Implementing the mccode-3
language and targeting the mcstas
and mcxtrace
runtimes.
The traditional McCode
lex|flex
tokenizer and yacc|bison
parser
included in-rule code to implement some language features and called
the code-generator to construct the intermediate instrument source file.
The mixture of language parsing and multiple layers of generated functionality
made understanding the program operation, and debugging introduced errors,
difficult.
Worst of all, there is no easy-to-use tooling available to help the programmer
identify syntax errors on-the-fly.
This project reimplements the McCode
languages using ANTLR4
which both tokenizes and parses the language into a recursive descent parse tree.
ANTLR
can include extra in-rule parsing code, but since it can produce output
suited for multiple languages (and the extra code must be in the targeted language)
this feature is not implemented in this project.
Other benefits of ANTLR4
include integration with Integrated Development Environments,
including the freely available Community edition of PyCharm from JetBrains.

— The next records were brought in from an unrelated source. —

Lemma cl_self z : CdD z -> cl z z.
Proof.
  intros Hz. split; auto. intros eps He. exists (actA d (fun _ => 0) z). split.
  - exists (fun _ => 0). split; auto. apply kernel_0.
  - intros j Hj. rewrite actA_lt, Rmult_0_r, Ropp_0, exp_0 by auto.
    destruct (z j) as [x y]. unfold rscale; simpl. rewrite !Rmult_1_l.
    exact (close_refl eps (x, y) He).
Qed.

Lemma cl_trans x y z : cl y x -> cl z y -> cl z x.
Proof.
  intros [Hx Hxy] [_ Hyz]. split; auto. intros eps He.
  destruct (Hxy (eps / 2)) as [s [[Y1 [HY1 ->]] H1]]; [lra|].
  destruct (finite_bound d (fun j => exp (- (2 * PI * Y1 j)))) as [M [HM HMb]].
  destruct (Hyz (eps / 2 / M)) as [s [[Y2 [HY2 ->]] H2]].
  { apply Rdiv_lt_0_compat; lra. }
  exists (actA d (fun j => Y1 j + Y2 j) z). split.
  - exists (fun j => Y1 j + Y2 j). split; auto. now apply kernel_plus.
  - intros j Hj. rewrite <- actA_actA.
    replace eps with (eps / 2 + eps / 2) by field.
    apply close_triang with (actA d Y1 y j); [now apply H1|].
    rewrite (actA_lt d Y1 y), (actA_lt d Y1 (actA d Y2 z)) by auto.
    pose proof (exp_pos (- (2 * PI * Y1 j))). specialize (HMb j Hj).
    rewrite Rabs_right in HMb by lra.
    apply close_rscale with M; [lra | lra | now apply H2].
Qed.

Lemma cl_actT Z x y : cl y x -> cl (actT d Z y) (actT d Z x).
Proof.
  intros [Hx Hxy]. split; [now apply CdDelta_actT|].
  intros eps He. destruct (Hxy (eps / 2)) as [s [[Y [HY ->]] H1]]; [lra|].
  exists (actA d Y (actT d Z y)). split; [exists Y; split; auto|].
  intros j Hj. rewrite <- actT_actA, !actT_lt by auto.
  replace eps with (2 * (eps / 2)) by field. apply close_rot. now apply H1.
Qed.

Lemma cl_ray w p : cl w p ->
  forall j, (j < d)%nat -> 0 <= ray_coef (p j) (w j) /\ p j = rscale (ray_coef (p j) (w j)) (w j).
Proof.
  intros [_ H] j Hj. apply ray_limit. intros eps He.
  destruct (H eps He) as [s [[Y [_ ->]] Hs]].
  exists (exp (- (2 * PI * Y j))). split; [apply exp_pos|].
  rewrite <- (actA_lt d Y w j) by auto. now apply Hs.
Qed.

Lemma uniform_log_estimates w p (K : R) : cl w p ->
  exists eps, 0 < eps /\ forall Y, (forall j, (j < d)%nat -> close eps (p j) (actA d Y w j)) ->
    forall j, (j < d)%nat ->
      (p j <> (0, 0) -> Rabs (2 * PI * Y j) <= log_width (ray_coef (p j) (w j))) /\
      (w j <> (0, 0) -> p j = (0, 0) -> K <= 2 * PI * Y j).
Proof.
  intros Hp. pose proof (cl_ray w p Hp) as Hray.
  destruct (uniform_eps d (fun j e => forall b, close e (p j) (rscale (exp (- b)) (w j)) ->
      (p j <> (0, 0) -> Rabs b <= log_width (ray_coef (p j) (w j))) /\
      (w j <> (0, 0) -> p j = (0, 0) -> K <= b))) as [eps [He Hest]].
  { intros j e e' H He' Hle b [H1 H2]. apply H; split; lra. }
  { intros j Hj. destruct (Hray j Hj). now apply log_estimates. }
  exists eps. split; auto. intros Y HY j Hj. apply Hest; auto.
  rewrite <- (actA_lt d Y w j) by auto. now apply HY.
Qed.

IDE integration can identify syntax mistakes in the language grammar files,
plus help to understand and debug language parsing.
Traditionally, McCode
identifies as a single language able to read, parse, and construct
programs to perform single particle statistical ray tracing.
While McCode-3
uses a single language.l
and language.y
file pair for lexing and parsing,
it actually implemented at least two related languages: one for component definitions in .comp
files,
one for instrument definitions in .instr
files,
plus arguably more for other specialised tasks.

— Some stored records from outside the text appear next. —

Lemma maximal_inequality_total : (1 <= N)%N ->
  t * #|[set f | occurs_upto H N f]|%:R <= (n%:R + C) ^+ m.
Proof.
move=> hN; rewrite -tilted_weight_total // -sum_indicator.
have -> : \sum_(f : outcome) tilted_weight N f =
    \sum_f (predT f)%:R * tilted_weight N f by apply: eq_bigr => f _; rewrite mul1r.
by apply: (maximal_inequality (B := predT)); rewrite ?hN ?leqnn.
Qed.

End Maximal.
End NestedWindows.

Lemma expR_div_le1D (R : realType) (y : R) : 0 <= y -> expR (y / (1 + y)) <= 1 + y.
Proof.
move=> hy; have h1y : 0 < 1 + y by lra.
have := expR_ge1Dx (- (y / (1 + y))).
have -> : 1 + - (y / (1 + y)) = (1 + y)^-1 by field; lra.
by rewrite expRN lef_pV2 ?posrE ?expR_gt0.
Qed.

(* (a + C)^m <= a^m exp(m C / a), from 1 + z <= exp z. *)
Lemma exprD_le_expR (R : realType) (a C : R) (m : nat) : 0 < a -> 0 <= C ->
  (a + C) ^+ m <= a ^+ m * expR (m%:R * (C / a)).
Proof.
move=> ha hC; rewrite expRM_natl -exprMn.
apply: lerXn2r; rewrite ?nnegrE.
- by rewrite addr_ge0 // ltW.
- by rewrite mulr_ge0 ?expR_ge0 // ltW.
have : a * (1 + C / a) <= a * expR (C / a) by rewrite ler_pM2l // expR_ge1Dx.
by rewrite mulrDr mulr1 mulrCA divff ?mulr1 // gt_eqF.
Qed.

Section Overflow.
Variables (R : realType) (m n : nat) (rho : 'I_n -> nat) (mu e A : R).
Hypotheses (mu_gt0 : 0 < mu) (e_le1 : e <= 1) (A_ge0 : 0 <= A).
Local Notation outcome := {ffun 'I_m -> 'I_n}.

(* The window W_L overflows: it receives more than (1 + e) L mu + A balls,
   L mu being its expected load when m = mu n. *)
Definition overflow (L : nat) (f : outcome) : bool :=
  (1 + e) * L%:R * mu + A < (window_load rho L f)%:R.

Lemma overflow_sees_outside y0 L : rho y0 = 0%N -> (1 <= L)%N ->
  sees_outside rho y0 L (overflow L).
Proof.
move=> hy0 hL f; rewrite /overflow /window_load; congr (_ < _%:R).
apply: eq_card => i; rewrite !inE ffunE /collapse.
by case: ifP => // _; rewrite hy0 hL.
Qed.

Lemma overflow_tilted_weight L f : (1 <= L)%N -> overflow L f ->
  expR ((1 + e) * A / 2) <= tilted_weight rho (A / (2 * mu)) L f.
Proof.
rewrite /overflow tilted_weightE => hL hc.
set c := window_load rho L f in hc *; set C := A / (2 * mu).
set y := C / L%:R.
have hL' : 0 < L%:R :> R by rewrite ltr0n.
have hC : 0 <= C by apply: divr_ge0 => //; rewrite mulr_ge0 // ltW.
have hy : 0 <= y by apply: divr_ge0 => //; apply: ltW.
have hLy : L%:R * y = C by rewrite /y mulrCA divff ?mulr1 // gt_eqF.
have hmuC : mu * C = A / 2 by rewrite /C; field; rewrite gt_eqF.
apply: (@le_trans _ _ (expR (y / (1 + y)) ^+ c)); last first.
  by apply: lerXn2r; rewrite ?nnegrE ?expR_ge0 ?expR_div_le1D //; lra.
rewrite -expRM_natl ler_expR mulrA ler_pdivlMr; last by lra.
have key : (1 + e) * A / 2 * (1 + y) <= ((1 + e) * L%:R * mu + A) * y.
  have -> : ((1 + e) * L%:R * mu + A) * y = (1 + e) * (mu * (L%:R * y)) + A * y by ring.
  rewrite hLy hmuC; clearbody y.
  have : 0 <= (1 - e) * (A * y) by rewrite mulr_ge0 ?subr_ge0 // mulr_ge0.
  lra.
by apply: (le_trans key); rewrite ler_wpM2r // ltW.
Qed.

Lemma window_overflow_bound N : m%:R = mu * n%:R ->
  (forall L, (L <= N)%N -> #|[pred y | (rho y < L)%N]| = L) ->
  #|[set f | occurs_upto overflow N f]|%:R <= n%:R ^+ m * expR (- (e * A / 2)).
Proof.
move=> hm window_card.
have [N0 | hN] := posnP N.
  have -> : [set f | occurs_upto overflow N f] = set0.
    by apply/setP => f; rewrite !inE N0.
  by rewrite cards0 mulr_ge0 ?expR_ge0 ?exprn_ge0.
have [y0 hy0] : exists y0, rho y0 = 0%N.
  case: (pickP [pred y | (rho y < 1)%N]) => [y | none].
    by rewrite inE ltnS leqn0 => /eqP; exists y.
  by have := window_card 1%N hN; rewrite (eq_card0 none).
have hn : 0 < n%:R :> R by rewrite ltr0n (leq_ltn_trans _ (ltn_ord y0)).
have hC : 0 <= A / (2 * mu) by rewrite divr_ge0 // mulr_ge0 // ltW.
have hmax := maximal_inequality_total window_card hy0 hC
  (fun L hL => overflow_sees_outside hy0 (proj1 (andP hL)))
  (fun L f hL => overflow_tilted_weight (proj1 (andP hL))) hN.
have hmean : m%:R * (A / (2 * mu) / n%:R) = A / 2 by rewrite hm; field; rewrite !gt_eqF.
have := le_trans hmax (exprD_le_expR m hn hC); rewrite hmean.
rewrite mulrC -ler_pdivlMr ?expR_gt0 // => /le_trans; apply.
rewrite -(mulrA (n%:R ^+ m)) -expRB ler_wpM2l ?exprn_ge0 // ler_expR; lra.
Qed.

End Overflow.

Lemma window_load_le_of_no_overflow (R : realType) m n (rho : 'I_n -> nat)
    (mu e A : R) N L (f : {ffun 'I_m -> 'I_n}) :
  0 <= A -> ~~ occurs_upto (overflow rho mu e A) N f -> (L <= N)%N ->
  (window_load rho L f)%:R <= (1 + e) * L%:R * mu + A.
Proof.
move=> hA /hasPn no_overflow hLN; case: (posnP L) => [-> | hL].
  rewrite mulr0 mul0r add0r (_ : window_load _ _ _ = 0%N) //.
  by apply: eq_card0 => i; rewrite inE.
by rewrite leNgt; apply: no_overflow; rewrite mem_iota hL add1n ltnS.
Qed.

This project makes use of ANTLR
's language dependency feature to separate the languages
into McComp
for components and McInstr
for instruments, with common language features
defined in a McCommon
grammar.
For use with the McCode
runtimes (McStas
and McXtrace
), the input languages must be
translated to C
following the C99
standard.
This translation was previously performed in C
since the lex|flex
, yacc|bison
workflow produced programs written in C
.
The C
programming language is a very good choice where execution speed is important,
as in the McCode
runtimes, but less so if speed is not the main goal and memory safety
or cross-platform development is important.
The McCode-3
translators do not always deallocate memory used in their runtime,
and newly developed features are likely to introduce unallocated, out-of-bounds, or double-free
memory errors which are then difficult to track down.
ANTLR4
is a Java
program, but produces parse-trees in multiple languages.

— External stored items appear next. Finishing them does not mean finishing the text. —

Lemma max_lideal_colon L a : max_lideal L -> ~ L a -> max_lideal (fun r => L (r * a)).
Proof.
move=> mL nLa; have sL := submod_max_lideal mL.
pose La := fun r : R^o => L (r * a).
have sLa : submodule La.
  apply: lideal_submod; first by rewrite /La mul0r; apply: submod0.
  by move=> b x z Lx Lz; rewrite /La mulrDl -mulrA; apply: submodD => //; apply: submodMl.
split=> //; first by move=> H; apply: nLa; rewrite -[a]mul1r; apply: H.
move=> L' sL' LaL' _.
case: (classic (msub L' La)) => [L'La|nL'La].
  by left=> r; split; [apply: L'La|apply: LaL'].
right=> s; split=> // _.
have [r nL'Lar] := not_all_ex_not _ _ nL'La.
have [L'r nLar] := imply_to_and _ _ nL'Lar.
have [l [s' [Ll E1]]] := max_lideal_comax mL nLar.
have [l0 [u [Ll0 E0]]] := max_lideal_comax mL nLa.
(* [u a] and [s' r a] are both [1] modulo [L], so [u - s' r] lies in [La] and [u] in [L'];
   then [s - s a u] lies in [La] for every [s]. *)
have ua : u * a = 1 - l0 by rewrite E0 [l0 + _]addrC addrK.
have L'u : L' u.
  have : La (u - s' * r).
    rewrite /La mulrBl -mulrA ua.
    have -> : s' * (r * a) = 1 - l by rewrite E1 [l + _]addrC addrK.
    by rewrite opprB addrC subrKA; apply: submodB.
  by move=> /LaL' H1; have := submodD sL' H1 (submodMl s' sL' L'r); rewrite subrK.
have : La (s - s * a * u).
  rewrite /La (_ : (s - s * a * u) * a = (s * a) * (1 - u * a)); last first.
    by rewrite mulrBl mulrBr mulr1 !mulrA.
  by rewrite ua opprB addrC subrK; apply: submodMl.
by move=> /LaL' H1; have := submodD sL' H1 (submodMl (s * a) sL' L'u); rewrite subrK.
Qed.

Lemma jacobsonMr y a : jacobson y -> jacobson (y * a).
Proof.
move=> Jy; split=> // L mL.
case: (classic (L a)) => [La|nLa]; first exact: submodMl (submod_max_lideal mL) La.
exact: (jacobson_max_lideal Jy (max_lideal_colon mL nLa)).
Qed.

Definition lprod (M : lmodType R) (A : R^o -> Prop) (N : M -> Prop) : M -> Prop :=
  span (fun x => exists a n, [/\ A a, N n & x = a *: n]).

Lemma submod_lprod (M : lmodType R) (A : R^o -> Prop) (N : M -> Prop) :
  (forall a b, A b -> A (a * b)) -> submodule (lprod A N).
Proof.
move=> AM; apply: submod_span => a _ [b [n [Ab Nn ->]]].
by exists (a * b), n; rewrite scalerA; split=> //; apply: AM.
Qed.

Lemma lprod_gen (M : lmodType R) (A : R^o -> Prop) (N : M -> Prop) a n :
  A a -> N n -> lprod A N (a *: n).
Proof. by move=> Aa Nn; apply: span_gen; exists a, n. Qed.

Lemma lprod_subset (M : lmodType R) (A : R^o -> Prop) (N : M -> Prop) :
  submodule N -> msub (lprod A N) N.
Proof. by move=> sN; apply: span_le => // _ [a [n [_ Nn ->]]]; apply: submodZ. Qed.

Lemma lprodSr (M : lmodType R) (A : R^o -> Prop) (N N' : M -> Prop) :
  msub N N' -> msub (lprod A N) (lprod A N').
Proof.
move=> NN'; apply: (span_additive (f := id)) => // _ [a [n [Aa Nn ->]]].
by apply: lprod_gen => //; apply: NN'.
Qed.

Fixpoint jacobson_pow (m : nat) : R^o -> Prop :=
  if m is m'.+1 then lprod jacobson (jacobson_pow m') else fun _ => True.

Lemma submod_jacobson_pow m : submodule (jacobson_pow m).
Proof.
case: m => [|m] /=; first exact: submodT.
by apply: submod_lprod => a b; apply: submodMl submod_jacobson.
Qed.

Lemma jacobson_powS_subset m : msub (jacobson_pow m.+1) (jacobson_pow m).
Proof. by elim: m => [|m IH] //=; apply: lprodSr. Qed.

Lemma jacobson_powS_jacobson m : msub (jacobson_pow m.+1) jacobson.
Proof.
apply: span_le; first exact: submod_jacobson.
by move=> _ [j [p [Jj _ ->]]]; apply: jacobsonMr.
Qed.

Lemma lprod_jacobson_pow (V : R^o -> Prop) :
  msub V (lprod jacobson V) -> forall m, msub V (lprod (jacobson_pow m) V).
Proof.
move=> VJV; elim=> [|m IH] v Vv; first by rewrite -[v]scale1r; apply: lprod_gen.
apply: (span_additive (f := id) _ _ _ (VJV v Vv)) => // _ [j [w [Jj Vw ->]]].
apply: (span_additive (f := fun t : R^o => (j * t : R^o)) _ _ _ (IH w Vw)).
- by rewrite mulr0.
- by move=> a b; rewrite mulrDr.
move=> _ [p [w' [Jp Vw' ->]]]; apply: span_gen; exists (j * p), w'; split=> //.
  by rewrite -[_ * p]/(j *: p); apply: lprod_gen.
by rewrite /GRing.scale /= mulrA.
Qed.

Section AvoidingSubmodule.
Variables (M : lmodType R) (N K : M -> Prop) (y : M).
Hypotheses (sN : submodule N) (sK : submodule K) (JNK : msub (lprod jacobson N) K)
  (KN : msub K N) (nKy : ~ K y)
  (maxK : forall K', submodule K' -> msub K K' -> msub K' N -> ~ K' y -> msub K' K).

(* If [K + R e z] contains [y = k + r e z] then [r] is a unit modulo [L], so [e z] is
   recovered from [y] up to elements of [K]. *)
Lemma avoid_absorb L e z : max_lideal L -> (forall r, L r -> jacobson (r * e)) ->
  N z -> forall K', submodule K' -> msub K K' -> K' y -> K' (e *: z).
Proof.
move=> mL LeJ Nz K' sK' KK' K'y.
case: (classic (K (e *: z))) => [Kez|nKez]; first exact: KK'.
pose Cz := fun w : M => exists r, w = r *: (e *: z).
have sCz : submodule Cz.
  split; first by exists 0; rewrite scale0r.
  by move=> a _ _ [r ->] [r' ->]; exists (a * r + r'); rewrite scalerA scalerDl.
have sKC := submod_addsub sK sCz.
have KCy : addsub K Cz y.
  apply: NNPP => nKCy; apply: nKez; apply: (maxK sKC (addsubl sCz)) => //.
    move=> _ [k [_ [Kk [r ->] ->]]]; apply: submodD => //; first exact: KN.
    by do 2!apply: submodZ => //.
  by apply: addsubr => //; exists 1; rewrite scale1r.
have [k [_ [Kk [r ->] Ey]]] := KCy.
have nLr : ~ L r.
  move=> Lr; apply: nKy; rewrite Ey; apply: submodD => //; apply: JNK.
  by rewrite scalerA; apply: lprod_gen => //; apply: LeJ.
have [l [s [Ll E1]]] := max_lideal_comax mL nLr.
have -> : e *: z = (l * e) *: z + s *: (y - k).
  by rewrite Ey [k + _]addrC addrK !scalerA -scalerDl -mulrDl -E1 mul1r.
apply: submodD => //; first by apply: KK'; apply: JNK; apply: lprod_gen => //; apply: LeJ.
by apply: submodZ => //; apply: submodB => //; apply: KK'.
Qed.

End AvoidingSubmodule.

Section Artinian.
Hypothesis artR : left_artinian R.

This project uses the Python
target so that language-translation can proceed in a language
which is well suited to new-feature development, while removing memory handling issues and
making cross-platform development significantly easier.
Install the latest development version from GitHub with
$ python -m pip install git+https://github.com/McStasMcXtrace/mccode-antlr.git
or the latest release from PyPI with
$ python -p pip install mccode_antlr
The mccode-antlr
package provides a command-line interface to the McCode
language parsers
and translators. To avoid shadowing the McCode-3
translators, the command-line interface
are suffixed with -antlr
.
$ mcstas-antlr --help
$ mcxtrace-antlr --help